如何不因一个数据库插入失败而使 Hadoop MapReduce 作业失败?

How not to fail Hadoop MapReduce job for one database insert failure?

我正在编写一个 MapReduce 作业来挖掘网络服务器日志。输入来自文本文件,输出进入 MySQL 数据库。问题是,如果一条记录无法插入,无论出于何种原因,例如数据超出列大小,整个作业都会失败,并且不会向数据库写入任何内容。
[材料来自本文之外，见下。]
(* Let $(\mathcal{C},V^-,\iota)$ be a pre-Clifford modular tensor category and let $X$ be a simple object with $V^-\boxtimes X\cong X$. Then there exists an isomorphism $\vartheta:V^-\boxtimes X\to X$ such that $-\vartheta\circ(\mathrm{Id}_{V^-}\boxtimes\vartheta)=\lambda_X\circ(\iota\boxtimes\mathrm{Id}_X)$ as maps $V^-\boxtimes V^-\boxtimes X\to X$, where $\lambda_X:1\boxtimes X\to X$ is the unit isomorphism.
   Context: A modular tensor category $\mathcal{C}$ is a semisimple ribbon category over $\mathbb{C}$ with finitely many isomorphism classes of simple objects and nondegenerate $s$-matrix, with tensor product $\boxtimes$, unit object $1$, braiding $\sigma_{X,Y}:X\boxtimes Y\to Y\boxtimes X$ and twist $\theta_X$ satisfying $\theta_{X\boxtimes Y}=\sigma_{Y,X}\sigma_{X,Y}(\theta_X\boxtimes\theta_Y)$. A pre-Clifford modular tensor category is a modular tensor category $\mathcal{C}$ together with an object $V^-$ and an isomorphism $\iota:V^-\boxtimes V^-\xrightarrow{\cong}1$ such that $\theta_{V^-}=-\mathrm{Id}_{V^-}$. *)

From HB Require Import structures.
From mathcomp Require Import all_boot all_order all_algebra.
From mathcomp Require Import complex.
From mathcomp Require Import reals.
Set Implicit Arguments. Unset Strict Implicit. Unset Printing Implicit Defensive.
Import Order.TTheory GRing.Theory Num.Theory.
Local Open Scope ring_scope.

(* Inverses of the structure isomorphisms are
   included as data; the isomorphism equations are axioms below. *)
Record cat_data (K : fieldType) := CatData {
  obj : Type;
  Mor : obj -> obj -> vectType K;
  idm : forall a : obj, Mor a a;
  comp : forall a b c : obj, Mor b c -> Mor a b -> Mor a c;
  tens : obj -> obj -> obj;
  tensm : forall a b c d : obj, Mor a b -> Mor c d -> Mor (tens a c) (tens b d);
  tunit : obj;
  assoc : forall a b c : obj, Mor (tens (tens a b) c) (tens a (tens b c));
  assoc_inv : forall a b c : obj, Mor (tens a (tens b c)) (tens (tens a b) c);
  lunit : forall a : obj, Mor (tens tunit a) a;
  lunit_inv : forall a : obj, Mor a (tens tunit a);
  runit : forall a : obj, Mor (tens a tunit) a;
  runit_inv : forall a : obj, Mor a (tens a tunit);
  braid : forall a b : obj, Mor (tens a b) (tens b a);
  braid_inv : forall a b : obj, Mor (tens b a) (tens a b);
  dual : obj -> obj;
  ev : forall a : obj, Mor (tens (dual a) a) tunit;
  coev : forall a : obj, Mor tunit (tens a (dual a));
  twist : forall a : obj, Mor a a;
  twist_inv : forall a : obj, Mor a a
}.

Arguments idm {K M} a : rename.
Arguments comp {K M a b c} : rename.
Arguments tens {K M} : rename.
Arguments tensm {K M a b c d} : rename.
Arguments tunit {K M} : rename.
Arguments assoc {K M} a b c : rename.
Arguments assoc_inv {K M} a b c : rename.
Arguments lunit {K M} a : rename.
Arguments lunit_inv {K M} a : rename.
Arguments runit {K M} a : rename.
Arguments runit_inv {K M} a : rename.
Arguments braid {K M} a b : rename.
Arguments braid_inv {K M} a b : rename.
Arguments dual {K M} : rename.
Arguments ev {K M} a : rename.
Arguments coev {K M} a : rename.
Arguments twist {K M} a : rename.
Arguments twist_inv {K M} a : rename.

Declare Scope cat_scope.
Delimit Scope cat_scope with cat.
Notation "g \oc f" := (comp g f) (at level 45, left associativity) : cat_scope.
Notation "a (x) b" := (tens a b) (at level 40, left associativity) : cat_scope.
Notation "f <x> g" := (tensm f g) (at level 40, left associativity) : cat_scope.
Local Open Scope cat_scope.

Section Defs.
Variable K : fieldType.
Variable M : cat_data K.
Local Notation obj := (obj M).
Local Notation Mor := (@Mor K M).

Definition is_iso (a b : obj) (f : Mor a b) : Prop :=
  exists g : Mor b a, g \oc f = idm a /\ f \oc g = idm b.

Definition isomorphic (a b : obj) : Prop := exists f : Mor a b, is_iso f.

Definition simple (a : obj) : Prop :=
  idm a != 0 /\ forall f : Mor a a, exists c : K, f = c *: idm a.

Definition dual_endo (a : obj) (f : Mor a a) : Mor (dual a) (dual a) :=
  lunit (dual a) \oc (ev a <x> idm (dual a))
  \oc ((idm (dual a) <x> f) <x> idm (dual a))
  \oc assoc_inv (dual a) a (dual a) \oc (idm (dual a) <x> coev a)
  \oc runit_inv (dual a).

(* right evaluation induced by the ribbon structure *)
Definition rev (a : obj) : Mor (a (x) dual a) tunit :=
  ev a \oc braid a (dual a) \oc (twist a <x> idm (dual a)).

Definition qtr (a : obj) (f : Mor a a) : Mor tunit tunit :=
  rev a \oc (f <x> idm (dual a)) \oc coev a.

Definition category_axioms : Prop :=
  (forall a b c d (f : Mor a b) (g : Mor b c) (h : Mor c d),
       h \oc (g \oc f) = (h \oc g) \oc f) /\
  (forall a b (f : Mor a b), idm b \oc f = f /\ f \oc idm a = f) /\
  (forall a b c (k : K) (g : Mor b c) (f1 f2 : Mor a b),
       g \oc (k *: f1 + f2) = k *: (g \oc f1) + g \oc f2) /\
  (forall a b c (k : K) (g1 g2 : Mor b c) (f : Mor a b),
       (k *: g1 + g2) \oc f = k *: (g1 \oc f) + g2 \oc f).

Definition tensor_functor_axioms : Prop :=
  (forall a b c d (k : K) (f1 f2 : Mor a b) (g : Mor c d),
      (k *: f1 + f2) <x> g = k *: (f1 <x> g) + (f2 <x> g)) /\
  (forall a b c d (k : K) (f : Mor a b) (g1 g2 : Mor c d),
      f <x> (k *: g1 + g2) = k *: (f <x> g1) + (f <x> g2)) /\
  (forall a b : obj, idm a <x> idm b = idm (a (x) b)) /\
  (forall a b c a' b' c' (f : Mor a b) (g : Mor b c)
          (f' : Mor a' b') (g' : Mor b' c'),
      (g \oc f) <x> (g' \oc f') = (g <x> g') \oc (f <x> f')).

Definition structure_iso_axioms : Prop :=
  (forall a b c : obj, assoc_inv a b c \oc assoc a b c = idm _ /\
                 assoc a b c \oc assoc_inv a b c = idm _) /\
  (forall a : obj, lunit_inv a \oc lunit a = idm _ /\ lunit a \oc lunit_inv a = idm _) /\
  (forall a : obj, runit_inv a \oc runit a = idm _ /\ runit a \oc runit_inv a = idm _) /\
  (forall a b : obj, braid_inv a b \oc braid a b = idm _ /\
               braid a b \oc braid_inv a b = idm _) /\
  (forall a : obj, twist_inv a \oc twist a = idm _ /\ twist a \oc twist_inv a = idm _).

Definition naturality_axioms : Prop :=
  (forall a b c a' b' c' (f : Mor a a') (g : Mor b b') (h : Mor c c'),
      assoc a' b' c' \oc ((f <x> g) <x> h) = (f <x> (g <x> h)) \oc assoc a b c) /\
  (forall a b (f : Mor a b), lunit b \oc (idm tunit <x> f) = f \oc lunit a) /\
  (forall a b (f : Mor a b), runit b \oc (f <x> idm tunit) = f \oc runit a) /\
  (forall a b a' b' (f : Mor a a') (g : Mor b b'),
      braid a' b' \oc (f <x> g) = (g <x> f) \oc braid a b) /\
  (forall a b (f : Mor a b), twist b \oc f = f \oc twist a).

Definition coherence_axioms : Prop :=
  (forall a b c d : obj,
      assoc a b (c (x) d) \oc assoc (a (x) b) c d =
      (idm a <x> assoc b c d) \oc assoc a (b (x) c) d
        \oc (assoc a b c <x> idm d)) /\
  (forall a b : obj,
      (idm a <x> lunit b) \oc assoc a tunit b = runit a <x> idm b) /\
  (forall a b c : obj,
      assoc b c a \oc braid a (b (x) c) \oc assoc a b c =
      (idm b <x> braid a c) \oc assoc b a c \oc (braid a b <x> idm c)) /\
  (forall a b c : obj,
      assoc_inv c a b \oc braid (a (x) b) c \oc assoc_inv a b c =
      (braid a c <x> idm b) \oc assoc_inv a c b \oc (idm a <x> braid b c)).

Definition rigidity_axioms : Prop :=
  forall a : obj,
    (idm a <x> ev a) \oc assoc a (dual a) a \oc (coev a <x> idm a) =
    runit_inv a \oc lunit a /\
    (ev a <x> idm (dual a)) \oc assoc_inv (dual a) a (dual a)
      \oc (idm (dual a) <x> coev a) =
    lunit_inv (dual a) \oc runit (dual a).

Definition twist_axioms : Prop :=
  (forall a b : obj, twist (a (x) b) =
               braid b a \oc braid a b \oc (twist a <x> twist b)) /\
  (forall a : obj, dual_endo (twist a) = twist (dual a)).

Definition ribbon_axioms : Prop :=
  category_axioms /\ tensor_functor_axioms /\ structure_iso_axioms /\
  naturality_axioms /\ coherence_axioms /\ rigidity_axioms /\ twist_axioms.

Definition semisimple : Prop :=
  forall a : obj, exists (n : nat) (s : 'I_n -> obj)
    (p : forall i, Mor a (s i)) (q : forall i, Mor (s i) a),
    [/\ (forall i, simple (s i)),
        (forall i, p i \oc q i = idm (s i)),
        (forall i j, i != j -> p i \oc q j = 0) &
        \sum_(i < n) (q i \oc p i) = idm a].

Definition modular : Prop :=
  [/\ ribbon_axioms, semisimple, simple tunit &
   (exists (n : nat) (s : 'I_n -> obj),
     [/\ (forall i, simple (s i)),
         (forall i j, isomorphic (s i) (s j) -> i = j),
         (forall x, simple x -> exists i, isomorphic x (s i)) &
         exists S : 'M[K]_n,
           (forall i j, qtr (braid (s j) (s i) \oc braid (s i) (s j))
                        = S i j *: idm tunit)
           /\ S \in unitmx])].

Definition pre_clifford (V : obj) (iota : Mor (V (x) V) tunit) : Prop :=
  [/\ modular, is_iso iota & twist V = - idm V].

End Defs.

(* Both [th \oc (idm V <x> th) \oc assoc V V X] and
   [lunit X \oc (iota <x> idm X)] are isomorphisms (V (x) V) (x) X -> X, so by
   simplicity of X they differ by a nonzero scalar c.  Replacing an arbitrary
   isomorphism th by k *: th multiplies the first one by k^2, and over the
   algebraically closed field C we can choose k with k^2 = -1/c. *)
From HB Require Import structures.
From mathcomp Require Import all_boot all_order all_algebra.
From mathcomp Require Import complex.
From mathcomp Require Import reals.
Import Order.TTheory GRing.Theory Num.Theory.
Local Open Scope ring_scope.
Local Open Scope cat_scope.

Section LinearCategory.
Context {K : fieldType} {M : cat_data K}.
Local Notation Mor := (@Mor K M).
Hypothesis Hcat : category_axioms M.
Hypothesis Hten : tensor_functor_axioms M.

Lemma compA {a b c d : obj M} (f : Mor a b) (g : Mor b c) (h : Mor c d) :
  h \oc (g \oc f) = (h \oc g) \oc f.
Proof. by case: Hcat. Qed.

Lemma comp1m {a b : obj M} (f : Mor a b) : idm b \oc f = f.
Proof. by case: Hcat => _ [/(_ a b f) []]. Qed.

Lemma compm1 {a b : obj M} (f : Mor a b) : f \oc idm a = f.
Proof. by case: Hcat => _ [/(_ a b f) []]. Qed.

Lemma compm0 {a b c : obj M} (g : Mor b c) : g \oc (0 : Mor a b) = 0.
Proof.
case: Hcat => _ [_ [/(_ a b c (-1) g 0 0) + _]].
by rewrite scaler0 addr0 scaleN1r addNr.
Qed.

Lemma comp0m {a b c : obj M} (f : Mor a b) : (0 : Mor b c) \oc f = 0.
Proof.
case: Hcat => _ [_ [_ /(_ a b c (-1) 0 0 f)]].
by rewrite scaler0 addr0 scaleN1r addNr.
Qed.

Lemma compmZ {a b c : obj M} (k : K) (g : Mor b c) (f : Mor a b) :
  g \oc (k *: f) = k *: (g \oc f).
Proof.
case: Hcat => _ [_ [/(_ a b c k g f 0) + _]].
by rewrite addr0 compm0 addr0.
Qed.

Lemma compZm {a b c : obj M} (k : K) (g : Mor b c) (f : Mor a b) :
  (k *: g) \oc f = k *: (g \oc f).
Proof.
case: Hcat => _ [_ [_ /(_ a b c k g 0 f)]].
by rewrite addr0 comp0m addr0.
Qed.

Lemma tensm0 {a b c d : obj M} (f : Mor a b) : f <x> (0 : Mor c d) = 0.
Proof.
case: Hten => _ [/(_ a b c d (-1) f 0 0) + _].
by rewrite scaler0 addr0 scaleN1r addNr.
Qed.

Lemma tensmZ {a b c d : obj M} (k : K) (f : Mor a b) (g : Mor c d) :
  f <x> (k *: g) = k *: (f <x> g).
Proof.
case: Hten => _ [/(_ a b c d k f g 0) + _].
by rewrite addr0 tensm0 addr0.
Qed.

Lemma is_iso_idm (a : obj M) : is_iso (idm a).
Proof. by exists (idm a); rewrite comp1m. Qed.

Lemma is_iso_comp {a b c : obj M} (f : Mor a b) (g : Mor b c) :
  is_iso f -> is_iso g -> is_iso (g \oc f).
Proof.
move=> [f' [f'f ff']] [g' [g'g gg']]; exists (f' \oc g'); split.
  by rewrite compA -(compA g g' f') g'g compm1 f'f.
by rewrite compA -(compA f' f g) ff' compm1 gg'.
Qed.

Lemma is_iso_tensm {a b c d : obj M} (f : Mor a b) (g : Mor c d) :
  is_iso f -> is_iso g -> is_iso (f <x> g).
Proof.
case: Hten => _ [_ [tensm11 tensm_comp]].
move=> [f' [f'f ff']] [g' [g'g gg']]; exists (f' <x> g').
by rewrite -!tensm_comp f'f ff' g'g gg' !tensm11.
Qed.

Lemma is_isoZ {a b : obj M} (k : K) (f : Mor a b) :
  k != 0 -> is_iso f -> is_iso (k *: f).
Proof.
move=> k0 [f' [f'f ff']]; exists (k^-1 *: f').
by rewrite !compZm !compmZ !scalerA mulVf // mulfV // !scale1r.
Qed.

Lemma simple_iso_proportional {a x : obj M} {g h : Mor a x} :
  simple x -> is_iso g -> is_iso h -> exists2 c : K, c != 0 & g = c *: h.
Proof.
move=> [x0 endo_scalar] [g' [_ gg']] [h' [h'h _]].
have [c gh'] := endo_scalar (g \oc h').
have g_ch : g = c *: h by rewrite -[g]compm1 -h'h compA gh' compZm comp1m.
exists c => //; apply: contraNneq x0 => c0.
by rewrite -gg' g_ch c0 scale0r comp0m.
Qed.

Section DoubleAction.
Context {V X : obj M}.

Definition double_action (th : Mor (V (x) X) X) : Mor ((V (x) V) (x) X) X :=
  th \oc (idm V <x> th) \oc assoc V V X.

Lemma double_actionZ (k : K) (th : Mor (V (x) X) X) :
  double_action (k *: th) = k ^+ 2 *: double_action th.
Proof. by rewrite /double_action tensmZ compmZ !compZm scalerA -expr2. Qed.

Lemma is_iso_double_action {th : Mor (V (x) X) X} :
  is_iso (assoc V V X) -> is_iso th -> is_iso (double_action th).
Proof.
move=> iso_assoc iso_th.
by do 2![apply: is_iso_comp => //]; apply: is_iso_tensm => //; apply: is_iso_idm.
Qed.

End DoubleAction.
End LinearCategory.

Theorem mainTheorem8 (R : realType) (M : cat_data (R[i])%C)
    (V : obj M) (iota : Mor (V (x) V) tunit)
    (HC : pre_clifford iota)
    (X : obj M) (HX : simple X) (HVX : isomorphic (V (x) X) X) :
  exists th : Mor (V (x) X) X,
    is_iso th /\
    - (th \oc (idm V <x> th) \oc assoc V V X) = lunit X \oc (iota <x> idm X).
Proof.
have [[[Hcat [Hten [[Has [Hlu _]] _]]] _ _ _] iso_iota _] := HC.
have [f iso_f] := HVX.
have iso_assoc : is_iso (assoc V V X) by exists (assoc_inv V V X); apply: Has.
have iso_rhs : is_iso (lunit X \oc (iota <x> idm X)).
  apply: is_iso_comp => //; last by exists (lunit_inv X); apply: Hlu.
  by apply: is_iso_tensm => //; apply: is_iso_idm.
have [c c0 fc] := simple_iso_proportional Hcat HX
  (is_iso_double_action Hcat Hten iso_assoc iso_f) iso_rhs.
pose k := sqrtC (- c^-1).
have k2 : k ^+ 2 = - c^-1 by rewrite sqrtCK.
have k0 : k != 0 by rewrite -sqrf_eq0 k2 oppr_eq0 invr_eq0.
exists (k *: f); split; first exact: is_isoZ.
rewrite -/(double_action _) (double_actionZ Hcat Hten) fc scalerA k2.
rewrite mulNr mulVf // scaleN1r opprK; reflexivity.
Qed.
有没有什么办法可以让好的记录一直保留下来呢?我想一种方法是验证数据,但这对我的口味来说将客户端与数据库模式结合得太多了。 我没有发布代码,因为这不是一个特别的代码问题。

编辑:

减速器:

protected void reduce(SkippableLogRecord rec,
        Iterable<NullWritable> values, Context context) {
    String path = rec.getPath().toString();
    path = path.substring(0, min(path.length(), 100));

    try {
        context.write(new DBRecord(rec), NullWritable.get());

        LOGGER.info("Wrote record {}.", path);
    } catch (IOException | InterruptedException e) {
        LOGGER.error("There was a problem when writing out {}.", path, e);
    }
}

日志:

15/03/01 14:35:06 WARN mapred.LocalJobRunner: job_local279539641_0001
java.lang.Exception: java.io.IOException: Data truncation: Data too long for column 'filename' at row 1
    at org.apache.hadoop.mapred.LocalJobRunner$Job.runTasks(LocalJobRunner.java:462)
    at org.apache.hadoop.mapred.LocalJobRunner$Job.run(LocalJobRunner.java:529)
Caused by: java.io.IOException: Data truncation: Data too long for column 'filename' at row 1
    at org.apache.hadoop.mapreduce.lib.db.DBOutputFormat$DBRecordWriter.close(DBOutputFormat.java:103)
    at org.apache.hadoop.mapred.ReduceTask$NewTrackingRecordWriter.close(ReduceTask.java:550)
    at org.apache.hadoop.mapred.ReduceTask.runNewReducer(ReduceTask.java:629)
    at org.apache.hadoop.mapred.ReduceTask.run(ReduceTask.java:389)
    at org.apache.hadoop.mapred.LocalJobRunner$Job$ReduceTaskRunnable.run(LocalJobRunner.java:319)
    at java.util.concurrent.Executors$RunnableAdapter.call(Executors.java:511)
    at java.util.concurrent.FutureTask.run(FutureTask.java:266)
    at java.util.concurrent.ThreadPoolExecutor.runWorker(ThreadPoolExecutor.java:1142)
    at java.util.concurrent.ThreadPoolExecutor$Worker.run(ThreadPoolExecutor.java:617)
    at java.lang.Thread.run(Thread.java:745)
15/03/01 14:35:06 INFO mapred.LocalJobRunner: reduce > reduce
15/03/01 14:35:07 INFO mapreduce.Job: Job job_local279539641_0001 failed with state FAILED due to: NA

回答我自己的问题并查看 this SO post,我看到数据库写入是成批完成的,在 SQLException,事务被回滚。所以这解释了我的问题。我想我只需要使数据库列足够大,或者先进行验证。我也可以创建一个自定义 DBOutputFormat/DBRecordWriter 但除非我一次插入一条记录,否则总会有一条错误记录导致整个批次回滚的风险。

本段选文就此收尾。